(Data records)
Definition lopp_c (x : laurent) : int -> F := fun i => - lc x i.
Lemma lopp_b x : bounded_above (lopp_c x).
Proof. by exists (lub x) => i hi; rewrite /lopp_c lubP ?oppr0. Qed.
Definition lopp x : laurent := exist _ _ (lopp_b x).
Definition lsub x y := ladd x (lopp y).

(* Cauchy product: (xy)_k = sum_{i} x_i y_{k-i}, the (finitely many)
   possibly nonzero terms having lub y - k <= ... i.e. k - lub y <= i <= lub x *)
Definition lmul_c (x y : laurent) : int -> F := fun k =>
  \sum_(j < (absz (lub x + lub y - k)%R).+1)
     lc x (lub x - (j : nat)%:Z) * lc y (k - lub x + (j : nat)%:Z).
Lemma lmul_b x y : bounded_above (lmul_c x y).
Proof.
exists (lub x + lub y) => k hk; rewrite /lmul_c big1 // => j _.
rewrite [lc y _]lubP ?mulr0 //; lia.
Qed.
Definition lmul x y : laurent := exist _ _ (lmul_b x y).

Definition lexp (x : laurent) (n : nat) : laurent := iter n (lmul x) lone.

(* the multiplicative inverse (0 if none exists) *)
Definition linv (x : laurent) : laurent :=
  match excluded_middle_informative (exists y, lmul x y = lone) with
  | left H => proj1_sig (constructive_indefinite_description _ H)
  | right _ => lzero
  end.

(* degree in T (i.e. -v_oo) of a nonzero element *)
Definition ldeg (x : laurent) : int :=
  epsilon (inhabits 0) (fun n => lc x n != 0 /\ forall i, n < i -> lc x i = 0).

Definition labs (x : laurent) : rat :=
  match excluded_middle_informative (exists i, lc x i != 0) with
  | left _ => (qF%:R : rat) ^ ldeg x
  | right _ => 0
  end.

(* Lambda_eps(f) = {lam in A : ||lam f|| < eps}, where ||x|| < eps means
   that the distance from x to A is < eps, i.e. |x - p| < eps for some p in A *)
Definition Lambda (f : laurent) (eps : rat) (lam : {poly F}) : Prop :=
  exists p : {poly F}, labs (lsub (lmul (lpoly lam) f) (lpoly p)) < eps.

Definition lT : laurent := lpoly 'X.

Inductive in_Ainf1 (d : nat) (f : laurent) : laurent -> Prop :=
| Ainf1_const c : in_Ainf1 d f (lconst c)
| Ainf1_gen j : (j < d)%N -> in_Ainf1 d f (lmul f (lexp lT j))
| Ainf1_add x y : in_Ainf1 d f x -> in_Ainf1 d f y -> in_Ainf1 d f (ladd x y)
| Ainf1_mul x y : in_Ainf1 d f x -> in_Ainf1 d f y -> in_Ainf1 d f (lmul x y).

Inductive in_ideal (d : nat) (f : laurent) (i : nat) : laurent -> Prop :=
| ideal0 : in_ideal d f i lzero
| ideal_gen g j : in_Ainf1 d f g -> (j <= i)%N ->
    in_ideal d f i (lmul g (lmul f (lexp lT j)))
| ideal_add x y : in_ideal d f i x -> in_ideal d f i y -> in_ideal d f i (ladd x y).

(* sqrt D: f = (a + sqrt D)/2 in odd characteristic, sqrt D = a in char 2 *)
Definition sqrtD (a : {poly F}) (f : laurent) : laurent :=
  if (2%N \in [pchar F]) then lpoly a else lsub (ladd f f) (lpoly a).

Definition hausdorff_lt (S T : laurent -> Prop) (e : rat) : Prop :=
  (forall x, S x -> exists y, T y /\ labs (lsub x y) < e) /\
  (forall y, T y -> exists x, S x /\ labs (lsub x y) < e).

Definition hausdorff_cvg (S : nat -> laurent -> Prop) (T : laurent -> Prop) :=
  forall e : rat, 0 < e -> exists N0 : nat, forall N : nat, (N0 <= N)%N ->
    hausdorff_lt (S N) T e.

End Laurent.

(* Let f* = a - f be the conjugate root: f f* = -b, hence |f*| = q^-d.
   Every u + v f with u, v in A has the conjugate u + v f*, and A_oo1 (resp.
   a_i) consists of those elements whose conjugate has absolute value at most
   1 (resp. q^(i-d)): one inclusion by induction on the generators, the other
   by stripping off leading terms c T^j f^(m+1) (and, for a_i, dividing by f).
   If z = lam f - p is small, y = -f^-N (lam f* - p) has the conjugate
   -f*^-N z of absolute value at most q^(-l-1), so y lies in a_(d-1-l), while
   f^-N sqrt(D) lam - y = f^-N z has absolute value below q^-N.  Conversely,
   for y in a_(d-1-l) write f^N y = U + V f and take lam = V, p = U + V a. *)

From HB Require Import structures.
From mathcomp Require Import all_boot all_order all_algebra.
From mathcomp Require Import zify ring boolp.
From Stdlib Require Import ClassicalEpsilon.
Set Implicit Arguments. Unset Strict Implicit. Unset Printing Implicit Defensive.
Import Order.TTheory GRing.Theory Num.Theory.
Local Open Scope ring_scope.
Lemma near_sume_lt {J : Type} {s : seq J} {t : J -> \bar R} {f : J -> T -> R} :
  (forall j, (0 <= t j)%E) ->
  (forall j c, (t j < c%:E)%E -> \forall x \near F, f j x < c) ->
  forall c, (\sum_(j <- s) t j < c%:E)%E -> \forall x \near F, \sum_(j <- s) f j x < c.
Proof.
move=> t0 ft; elim: s => [|j s IH] c.
  by rewrite big_nil lte_fin => c0; apply: nearW => x; rewrite big_nil.
rewrite big_cons => /adde_lt_split[||c1 [c2 [-> /ft fj /IH fs]]] //.
  by apply: sume_ge0 => i _; exact: t0.
by apply: filterS2 fj fs => x h1 h2; rewrite big_cons ltrD.
Qed.

Lemma near_sume_gt {J : Type} {s : seq J} {t : J -> \bar R} {f : J -> T -> R} :
  (forall j, (0 <= t j)%E) ->
  (forall j c, (c%:E < t j)%E -> \forall x \near F, c < f j x) ->
  forall c, (c%:E < \sum_(j <- s) t j)%E -> \forall x \near F, c < \sum_(j <- s) f j x.
Proof.
move=> t0 ft; elim: s => [|j s IH] c.
  by rewrite big_nil lte_fin => c0; apply: nearW => x; rewrite big_nil.
rewrite big_cons => /adde_gt_split[||c1 [c2 [-> /ft fj /IH fs]]] //.
  by apply: sume_ge0 => i _; exact: t0.
by apply: filterS2 fj fs => x h1 h2; rewrite big_cons ltrD.
Qed.

End EventualSums.

Lemma cvge_near_lt {R : realFieldType} {T : Type} {F : set_system T} {FF : Filter F}
  {u : T -> \bar R} {l c : \bar R} :
  u @ F --> l -> (l < c)%E -> \forall t \near F, (u t < c)%E.
Proof.
move=> ul lc; apply: (ul [set x | (x < c)%E]); apply: open_nbhs_nbhs.
by split => //; exact: open_ereal_lt_ereal.
Qed.
(* Let $G$ be a $k$-tree with at least $k+4$ vertices. Then there do not exist two adjacent vertices $v,w$ of degree exactly $k+1$ such that each of $v$ and $w$ is adjacent to a vertex of degree at most $k$.
   Context: $G$ is a finite simple undirected graph. A $k$-tree is a graph having a vertex ordering $\phi:V\to\{1,\dots,|V|\}$ such that, for every vertex $v$, the set of neighbours of $v$ preceding it in $\phi$ is a clique of size exactly $\min(k,\phi(v)-1)$. *)

From mathcomp Require Import all_boot all_order.
Set Implicit Arguments. Unset Strict Implicit. Unset Printing Implicit Defensive.

Definition simple_graph (T : finType) (e : rel T) : Prop :=
  symmetric e /\ irreflexive e.

Definition nbhd (T : finType) (e : rel T) (v : T) : {set T} := [set w | e v w].
Definition deg (T : finType) (e : rel T) (v : T) : nat := #|nbhd e v|.

Definition is_clique (T : finType) (e : rel T) (S : {set T}) : Prop :=
  forall x y, x \in S -> y \in S -> x != y -> e x y.

(* k-tree: there is a vertex ordering phi : V -> {1..|V|} (here 0-based,
   phi : T -> 'I_#|T| bijective, so position p (0-based) corresponds to
   phi(v) = p+1) such that for every v, the neighbours of v preceding it
   form a clique of size exactly min(k, phi(v) - 1) = min(k, p). *)
Definition is_ktree (T : finType) (e : rel T) (k : nat) : Prop :=
  simple_graph e /\
  exists phi : T -> 'I_#|T|,
    bijective phi /\
    forall v : T,
      let P := [set w in nbhd e v | (phi w < phi v)%N] in
      is_clique e P /\ #|P| = minn k (phi v).

From mathcomp Require Import all_boot all_order zify.
Set Implicit Arguments. Unset Strict Implicit. Unset Printing Implicit Defensive.

(* In a k-tree every vertex of degree at most k is simplicial of degree k, and
   every edge lies in a (k+1)-clique, so adjacent vertices have k - 1 common
   neighbours.  Moreover, if a nonempty X has its closed neighbourhood inside a
   set U that misses some vertex, then U \ X has at least k vertices.  For v, w,
   x, y as in the statement, X = {v, w, x, y} has its closed neighbourhood inside
   U = N[v] ∪ N[w]; as |N[v]| = |N[w]| = k + 2 and N[v] ∩ N[w] has at least
   k + 1 vertices, and at least k + 2 when x = y, counting gives |U \ X| < k. *)

Definition back_nbhd (T : finType) (e : rel T) n (phi : T -> 'I_n) (v : T) :=
  [set w in nbhd e v | phi w < phi v].

Definition cnbhd (T : finType) (e : rel T) (v : T) : {set T} := v |: nbhd e v.

Definition ktree_ordering (T : finType) (e : rel T) k (phi : T -> 'I_#|T|) :=
  [/\ symmetric e, irreflexive e, bijective phi &
      forall v, is_clique e (back_nbhd e phi v) /\
                #|back_nbhd e phi v| = minn k (phi v)].

Lemma card_prefix_le (T : finType) n (f : T -> 'I_n) p :
  injective f -> #|[set w | f w < p]| <= p.
Proof.
move=> f_inj; rewrite cardE -(size_map (fun w => nat_of_ord (f w))).
rewrite -[p in _ <= p](size_iota 0 p); apply: uniq_leq_size.
  by rewrite map_inj_uniq ?enum_uniq // => a b /val_inj /f_inj.
by move=> i /mapP [w]; rewrite mem_enum inE => lt_wp ->; rewrite mem_iota.
Qed.

Lemma clique_setU1 (T : finType) (e : rel T) z (S : {set T}) :
  symmetric e -> is_clique e S -> S \subset nbhd e z -> is_clique e (z |: S).
Proof.
move=> e_sym S_cl /subsetP S_z a b.
case/setU1P=> [->|aS] /setU1P[->|bS] ab; first by rewrite eqxx in ab.
- by have := S_z b bS; rewrite inE.
- by rewrite e_sym; have := S_z a aS; rewrite inE.
- exact: S_cl.
Qed.

Lemma card_cnbhd (T : finType) (e : rel T) v :
  irreflexive e -> #|cnbhd e v| = (deg e v).+1.
Proof. by move=> e_irr; rewrite cardsU1 inE e_irr. Qed.

Section KTreeOrdering.

Variables (T : finType) (e : rel T) (k : nat) (phi : T -> 'I_#|T|).
Hypothesis phi_ktree : ktree_ordering e k phi.

Let e_sym : symmetric e. Proof. by case: phi_ktree. Qed.
Let e_irr : irreflexive e. Proof. by case: phi_ktree. Qed.
Let phi_bij : bijective phi. Proof. by case: phi_ktree. Qed.
Let phi_inj : injective phi := bij_inj phi_bij.
Let back_clique v : is_clique e (back_nbhd e phi v).
Proof. by case: phi_ktree => _ _ _ /(_ v) []. Qed.
Let card_back v : #|back_nbhd e phi v| = minn k (phi v).
Proof. by case: phi_ktree => _ _ _ /(_ v) []. Qed.

Local Notation back := (back_nbhd e phi).

Lemma card_back_nbhd_high z : k <= phi z -> #|back z| = k.
Proof. by move=> /minn_idPl <-. Qed.

Lemma back_nbhd_base z : phi z <= k -> back z = [set w | phi w < phi z].
Proof.
move=> z_base; apply/eqP; rewrite eqEcard card_back (minn_idPr z_base).
rewrite card_prefix_le // andbT.
by apply/subsetP=> w; rewrite !inE => /andP[].
Qed.

Lemma base_edge u z : u != z -> phi u <= k -> phi z <= k -> e u z.
Proof.
wlog lt_uz : u z / phi u < phi z => [base_lt uz u_base z_base|uz _ z_base].
  case: (ltngtP (phi u) (phi z)) => [||/val_inj/phi_inj uz'].
  - by move=> ?; apply: base_lt.
  - by move=> ?; rewrite e_sym; apply: base_lt; rewrite // eq_sym.
  - by rewrite uz' eqxx in uz.
have : u \in back z by rewrite back_nbhd_base // inE.
by rewrite !inE e_sym => /andP[].
Qed.

Lemma closed_back_clique z :
  k <= phi z -> is_clique e (z |: back z) /\ #|z |: back z| = k.+1.
Proof.
move=> z_high; have back_sub : back z \subset nbhd e z.
  by apply/subsetP=> w; rewrite inE => /andP[].
split; first exact: clique_setU1 e_sym (@back_clique z) back_sub.
by rewrite cardsU1 card_back_nbhd_high // !inE ltnn andbF.
Qed.

(* Take the earliest vertex [t] of [X] and the earliest vertex [o] outside [U]:
   either one of them has k earlier neighbours, all of them in [U :\: X], or both
   lie in the initial clique and are adjacent, which is impossible. *)
Lemma card_boundary_ge (X U : {set T}) t0 :
  t0 \in X -> #|U| < #|T| -> (forall z, z \in X -> cnbhd e z \subset U) ->
  k <= #|U :\: X|.
Proof.
move=> t0X U_small X_closed.
have /subsetPn[o0 _ o0U] : ~~ ([set: T] \subset U).
  by apply: contraL U_small => /subset_leq_card; rewrite cardsT leqNgt.
have X_nbhd z : z \in X -> nbhd e z \subset U.
  by move/X_closed; apply: subset_trans; apply: subsetUr.
case: (arg_minnP (fun z => nat_of_ord (phi z)) t0X) => t tX t_min.
case: (arg_minnP (fun z => nat_of_ord (phi z)) (o0U : [predC U] o0)).
move=> o oU o_min.
have [t_high|t_low] := leqP k (phi t).
  rewrite -(card_back_nbhd_high t_high) subset_leq_card //; apply/subsetP=> w.
  rewrite !inE => /andP[tw wt]; rewrite (subsetP (X_nbhd t tX)) ?inE // andbT.
  by apply: contraTN wt => /t_min; rewrite -leqNgt.
have [o_high|o_low] := leqP k (phi o).
  rewrite -(card_back_nbhd_high o_high) subset_leq_card //; apply/subsetP=> w.
  rewrite !inE => /andP[ow wo]; apply/andP; split.
    by apply: contraNN oU => /X_nbhd/subsetP; apply; rewrite inE e_sym.
  by apply: contraTT wo; rewrite -leqNgt => /o_min.
have t_neq_o : t != o.
  by apply: contraNneq oU => <-; apply: (subsetP (X_closed t tX)); rewrite setU11.
have /(subsetP (X_nbhd t tX)) : o \in nbhd e t.
  by rewrite inE base_edge // ltnW.
by rewrite (negbTE oU).
Qed.

Hypothesis k_lt_card : k < #|T|.

Lemma clique_through u v : u = v \/ e u v ->
  exists C : {set T}, [/\ is_clique e C, #|C| = k.+1, u \in C & v \in C].
Proof.
wlog le_uv : u v / phi u <= phi v => [sym_case uv|uv].
  case: (leqP (phi u) (phi v)) => [le_uv|/ltnW le_vu]; first exact: sym_case.
  have [|C [? ? ? ?]] := sym_case v u le_vu; last by exists C.
  by case: uv => [->|uv]; [left|right; rewrite e_sym].
have [v_high|v_low] := leqP k (phi v).
  have [C_cl C_card] := closed_back_clique v_high.
  exists (v |: back v); split; rewrite ?setU11 //.
  case: uv => [->|uv]; rewrite ?setU11 //; apply/setU1P; right.
  rewrite !inE e_sym uv ltn_neqAle le_uv andbT /=.
  by apply: contraTneq uv => /val_inj/phi_inj ->; rewrite e_irr.
have [g phiK gK] := phi_bij; pose z := g (Ordinal k_lt_card).
have z_pos : phi z = k :> nat by rewrite gK.
have [C_cl C_card] := closed_back_clique (eq_leq (esym z_pos)).
exists (z |: back z); split => //; apply/setU1P; right;
  by rewrite back_nbhd_base ?z_pos // inE ?(leq_ltn_trans le_uv v_low).
Qed.

Lemma deg_le_simplicial x :
  deg e x <= k -> deg e x = k /\ is_clique e (nbhd e x).
Proof.
move=> x_low; have [C [C_cl C_card xC _]] := clique_through (or_introl (erefl x)).
have C_nbhd : C :\ x \subset nbhd e x.
  apply/subsetP=> y; rewrite !inE => /andP[yx yC].
  by apply: C_cl; rewrite // eq_sym.
have card_Cx : #|C :\ x| = k by move: C_card; rewrite (cardsD1 x) xC => -[].
have Cx_nbhd : C :\ x = nbhd e x by apply/eqP; rewrite eqEcard C_nbhd card_Cx.
rewrite /deg -Cx_nbhd card_Cx; split=> // a b.
by rewrite !inE => /andP[_ aC] /andP[_ bC]; apply: C_cl.
Qed.

Lemma card_common_nbhd u v : e u v -> k.-1 <= #|nbhd e u :&: nbhd e v|.
Proof.
move=> uv; have [C [C_cl C_card uC vC]] := clique_through (or_intror uv).
have u_neq_v : u != v by apply: contraTneq uv => ->; rewrite e_irr.
have sub : C :\: [set u; v] \subset nbhd e u :&: nbhd e v.
  apply/subsetP=> y; rewrite !inE negb_or => /andP[/andP[yu yv] yC].
  by rewrite !C_cl // eq_sym.
apply: leq_trans (subset_leq_card sub).
have uvC : [set u; v] \subset C by rewrite subUset !sub1set uC vC.
by rewrite cardsDS // C_card cards2 u_neq_v subn2.
Qed.

Lemma simplicial_cnbhd_sub x v :
  deg e x <= k -> e x v -> cnbhd e x \subset cnbhd e v.
Proof.
move=> x_low xv; have [_ Nx_cl] := deg_le_simplicial x_low.
apply/subsetP=> z; rewrite !inE => /predU1P[->|xz].
  by rewrite e_sym xv orbT.
by case: (eqVneq z v) => //= zv; apply: Nx_cl; rewrite ?inE // eq_sym.
Qed.

Lemma card_cnbhdI v w : e v w -> k.+1 <= #|cnbhd e v :&: cnbhd e w|.
Proof.
move=> vw; have v_neq_w : v != w by apply: contraTneq vw => ->; rewrite e_irr.
have sub : v |: (w |: (nbhd e v :&: nbhd e w)) \subset cnbhd e v :&: cnbhd e w.
  apply/subsetP=> z; rewrite !inE => /or3P[/eqP->|/eqP->|/andP[-> ->]].
  - by rewrite eqxx e_sym vw orbT.
  - by rewrite eqxx vw orbT.
  - by rewrite !orbT.
apply: leq_trans (subset_leq_card sub).
rewrite !cardsU1 !inE !e_irr andbF orbF v_neq_w !add1n ltnS.
by case: k (card_common_nbhd vw) => // k' /ltnW.
Qed.

(* The neighbourhood of the simplicial vertex [x] misses exactly one vertex [a] of
   the closed neighbourhood of [v]; the k - 1 common neighbours of the edge [va]
   must then be the neighbours of [x] other than [v], and [w] is one of them. *)
Lemma cnbhd_sub_of_common_simplicial x v w : deg e x <= k -> e x v -> e x w ->
  v != w -> deg e v = k.+1 -> cnbhd e v \subset cnbhd e w.
Proof.
move=> x_low xv xw v_neq_w dv; have [dx _] := deg_le_simplicial x_low.
have xv_sub := simplicial_cnbhd_sub x_low xv.
have xw_sub := simplicial_cnbhd_sub x_low xw.
have /properP[_ [a av ax]] : cnbhd e x \proper cnbhd e v.
  by rewrite properEcard xv_sub !card_cnbhd // dx dv ltnSn.
have Nv_eq : cnbhd e v = a |: cnbhd e x.
  apply/eqP; rewrite eq_sym eqEcard subUset sub1set av xv_sub.
  by rewrite cardsU1 ax !card_cnbhd // dx dv add1n ltnSn.
have va : e v a.
  move: av; rewrite !inE => /predU1P[av|] //.
  by move: ax; rewrite av !inE xv orbT.
have common_sub : nbhd e v :&: nbhd e a \subset nbhd e x :\ v.
  apply/subsetP=> z; rewrite !inE => /andP[vz az].
  have : z \in cnbhd e v by rewrite !inE vz orbT.
  rewrite Nv_eq !inE => /or3P[/eqP za|/eqP zx|->].
  - by move: az; rewrite za e_irr.
  - by move: ax; rewrite !inE -zx e_sym az orbT.
  - by rewrite andbT; apply: contraTneq vz => ->; rewrite e_irr.
have card_Nxv : #|nbhd e x :\ v| = k.-1.
  by move: dx; rewrite /deg (cardsD1 v) inE xv => <-.
have common_eq : nbhd e v :&: nbhd e a = nbhd e x :\ v.
  by apply/eqP; rewrite eqEcard common_sub card_Nxv card_common_nbhd.
have aw : e a w.
  have : w \in nbhd e x :\ v.
    by rewrite !inE xw eq_sym v_neq_w.
  by rewrite -common_eq !inE => /andP[_].
by rewrite Nv_eq subUset sub1set xw_sub andbT !inE e_sym aw orbT.
Qed.

Lemma card_endpoints_cnbhdI v w x y :
  e v w -> deg e v = k.+1 -> deg e w = k.+1 -> e x v -> e y w ->
  deg e x <= k -> deg e y <= k ->
  k + 5 <= #|y |: (x |: [set v; w])| + #|cnbhd e v :&: cnbhd e w|.
Proof.
move=> vw dv dw xv yw x_low y_low.
have [[dx _] [dy _]] := (deg_le_simplicial x_low, deg_le_simplicial y_low).
have v_neq_w : v != w by apply: contraTneq vw => ->; rewrite e_irr.
have x_neq_v : x != v by apply: contraTneq xv => ->; rewrite e_irr.
have y_neq_w : y != w by apply: contraTneq yw => ->; rewrite e_irr.
have x_neq_w : x != w by apply/eqP=> xw; move: dw; rewrite -xw dx => /n_Sn.
have y_neq_v : y != v by apply/eqP=> yv; move: dv; rewrite -yv dy => /n_Sn.
rewrite !cardsU1 cards1 !inE v_neq_w (negbTE y_neq_v) (negbTE y_neq_w).
rewrite (negbTE x_neq_v) (negbTE x_neq_w) !orbF.
case: (eqVneq y x) => [yx|_] /=.
  rewrite yx in yw.
  have vw_sub := cnbhd_sub_of_common_simplicial x_low xv yw v_neq_w dv.
  by rewrite (setIidPl vw_sub) card_cnbhd // dv addnC.
by rewrite addnC; exact: card_cnbhdI.
Qed.

End KTreeOrdering.

Theorem mainTheorem13 (T : finType) (e : rel T) (k : nat) :
  is_ktree e k -> (k + 4 <= #|T|)%N ->
  ~ (exists v w : T,
       [/\ e v w, deg e v = k.+1, deg e w = k.+1,
           (exists x, e v x /\ (deg e x <= k)%N) &
           (exists y, e w y /\ (deg e y <= k)%N)]).
Proof.
move=> [[e_sym e_irr] [phi [phi_bij phi_back]]] n_ge.
move=> [v [w [vw dv dw [x [vx x_low]] [y [wy y_low]]]]].
have phiK : ktree_ordering e k phi by [].
have k_lt : k < #|T| by lia.
rewrite e_sym in vx; rewrite e_sym in wy.
pose U := cnbhd e v :|: cnbhd e w; pose I := cnbhd e v :&: cnbhd e w.
pose X := y |: (x |: [set v; w]).
have card_XI : k + 5 <= #|X| + #|I|.
  have := card_endpoints_cnbhdI phiK k_lt vw dv dw vx wy x_low y_low.
  by rewrite -/X -/I.
have card_I : k < #|I| := card_cnbhdI phiK k_lt vw.
have card_UI : #|U| + #|I| = k.+2 + k.+2.
  by rewrite cardsUI !card_cnbhd // dv dw.
have X_closed z : z \in X -> cnbhd e z \subset U.
  rewrite !inE => /or4P[] /eqP->.
  - exact: subset_trans (simplicial_cnbhd_sub phiK k_lt y_low wy) (subsetUr _ _).
  - exact: subset_trans (simplicial_cnbhd_sub phiK k_lt x_low vx) (subsetUl _ _).
  - exact: subsetUl.
  - exact: subsetUr.
have XU : X \subset U.
  by apply/subsetP=> z /X_closed /subsetP; apply; rewrite setU11.
have U_small : #|U| < #|T| by move: card_UI card_I n_ge; clear; lia.
have := card_boundary_ge phiK (setU11 y _) U_small X_closed.
rewrite cardsDS // -/X; move: card_XI card_UI (subset_leq_card XU); clear; lia.
Qed.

◆ TASK DESCRIPTION ◆
Copy every line of the entries in which "lzero" can be found.

◆ SOLUTION ◆
  | right _ => lzero
| ideal0 : in_ideal d f i lzero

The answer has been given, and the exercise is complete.